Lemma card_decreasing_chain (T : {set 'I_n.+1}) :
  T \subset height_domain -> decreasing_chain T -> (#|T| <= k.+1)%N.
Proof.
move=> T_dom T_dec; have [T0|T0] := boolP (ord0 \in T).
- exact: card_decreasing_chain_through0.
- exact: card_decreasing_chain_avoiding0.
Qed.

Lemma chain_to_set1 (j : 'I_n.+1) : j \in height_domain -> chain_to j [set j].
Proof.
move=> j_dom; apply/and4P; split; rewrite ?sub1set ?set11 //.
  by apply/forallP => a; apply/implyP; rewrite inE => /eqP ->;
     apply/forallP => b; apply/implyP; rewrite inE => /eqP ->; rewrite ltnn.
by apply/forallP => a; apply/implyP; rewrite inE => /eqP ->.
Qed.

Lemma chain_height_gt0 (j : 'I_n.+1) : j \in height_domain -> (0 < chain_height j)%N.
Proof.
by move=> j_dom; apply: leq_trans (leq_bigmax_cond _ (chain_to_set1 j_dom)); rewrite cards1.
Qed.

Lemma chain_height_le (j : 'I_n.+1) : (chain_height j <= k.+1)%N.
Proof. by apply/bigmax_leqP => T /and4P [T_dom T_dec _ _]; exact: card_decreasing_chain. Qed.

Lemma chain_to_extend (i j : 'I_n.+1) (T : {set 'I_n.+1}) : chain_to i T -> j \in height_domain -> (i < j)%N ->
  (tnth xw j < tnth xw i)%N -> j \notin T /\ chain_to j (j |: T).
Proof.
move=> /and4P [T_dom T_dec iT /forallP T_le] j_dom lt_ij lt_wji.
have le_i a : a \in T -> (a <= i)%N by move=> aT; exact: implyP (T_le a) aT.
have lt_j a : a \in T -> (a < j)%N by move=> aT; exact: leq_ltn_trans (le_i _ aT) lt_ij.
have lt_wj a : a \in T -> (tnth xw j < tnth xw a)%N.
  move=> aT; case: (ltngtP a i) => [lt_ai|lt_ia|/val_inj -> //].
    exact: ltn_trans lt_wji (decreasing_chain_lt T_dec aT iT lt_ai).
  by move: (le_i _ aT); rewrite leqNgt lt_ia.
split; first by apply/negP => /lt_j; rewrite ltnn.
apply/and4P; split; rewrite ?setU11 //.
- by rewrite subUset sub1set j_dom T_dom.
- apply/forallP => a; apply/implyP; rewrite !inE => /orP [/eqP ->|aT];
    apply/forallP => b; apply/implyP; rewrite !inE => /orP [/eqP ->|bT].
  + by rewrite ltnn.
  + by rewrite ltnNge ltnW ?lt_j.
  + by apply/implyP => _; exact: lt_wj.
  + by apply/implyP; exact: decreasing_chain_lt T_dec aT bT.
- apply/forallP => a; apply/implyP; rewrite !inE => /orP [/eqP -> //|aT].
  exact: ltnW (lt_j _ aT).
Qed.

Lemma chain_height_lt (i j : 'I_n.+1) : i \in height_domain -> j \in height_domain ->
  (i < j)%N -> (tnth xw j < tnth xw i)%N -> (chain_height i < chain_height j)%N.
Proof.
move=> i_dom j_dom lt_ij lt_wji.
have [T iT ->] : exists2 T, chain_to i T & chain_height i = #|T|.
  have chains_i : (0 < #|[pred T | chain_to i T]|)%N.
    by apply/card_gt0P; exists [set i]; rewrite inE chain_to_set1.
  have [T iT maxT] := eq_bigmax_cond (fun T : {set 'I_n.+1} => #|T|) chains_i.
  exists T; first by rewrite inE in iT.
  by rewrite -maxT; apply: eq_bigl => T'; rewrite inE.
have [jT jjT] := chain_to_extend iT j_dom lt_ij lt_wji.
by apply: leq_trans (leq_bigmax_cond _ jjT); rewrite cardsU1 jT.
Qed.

----

## YOUR OBJECTIVE
Working from the material above, retype exactly the lines from the one with "by apply/forallP => a; apply/implyP; rewrite inE => /eqP ->;" through the one with "move=> /and4P [T_dom", both included, and only those lines.

## RESPONSE
  by apply/forallP => a; apply/implyP; rewrite inE => /eqP ->;
     apply/forallP => b; apply/implyP; rewrite inE => /eqP ->; rewrite ltnn.
by apply/forallP => a; apply/implyP; rewrite inE => /eqP ->.
Qed.

Lemma chain_height_gt0 (j : 'I_n.+1) : j \in height_domain -> (0 < chain_height j)%N.
Proof.
by move=> j_dom; apply: leq_trans (leq_bigmax_cond _ (chain_to_set1 j_dom)); rewrite cards1.
Qed.

Lemma chain_height_le (j : 'I_n.+1) : (chain_height j <= k.+1)%N.
Proof. by apply/bigmax_leqP => T /and4P [T_dom T_dec _ _]; exact: card_decreasing_chain. Qed.

Lemma chain_to_extend (i j : 'I_n.+1) (T : {set 'I_n.+1}) : chain_to i T -> j \in height_domain -> (i < j)%N ->
  (tnth xw j < tnth xw i)%N -> j \notin T /\ chain_to j (j |: T).
Proof.
move=> /and4P [T_dom T_dec iT /forallP T_le] j_dom lt_ij lt_wji.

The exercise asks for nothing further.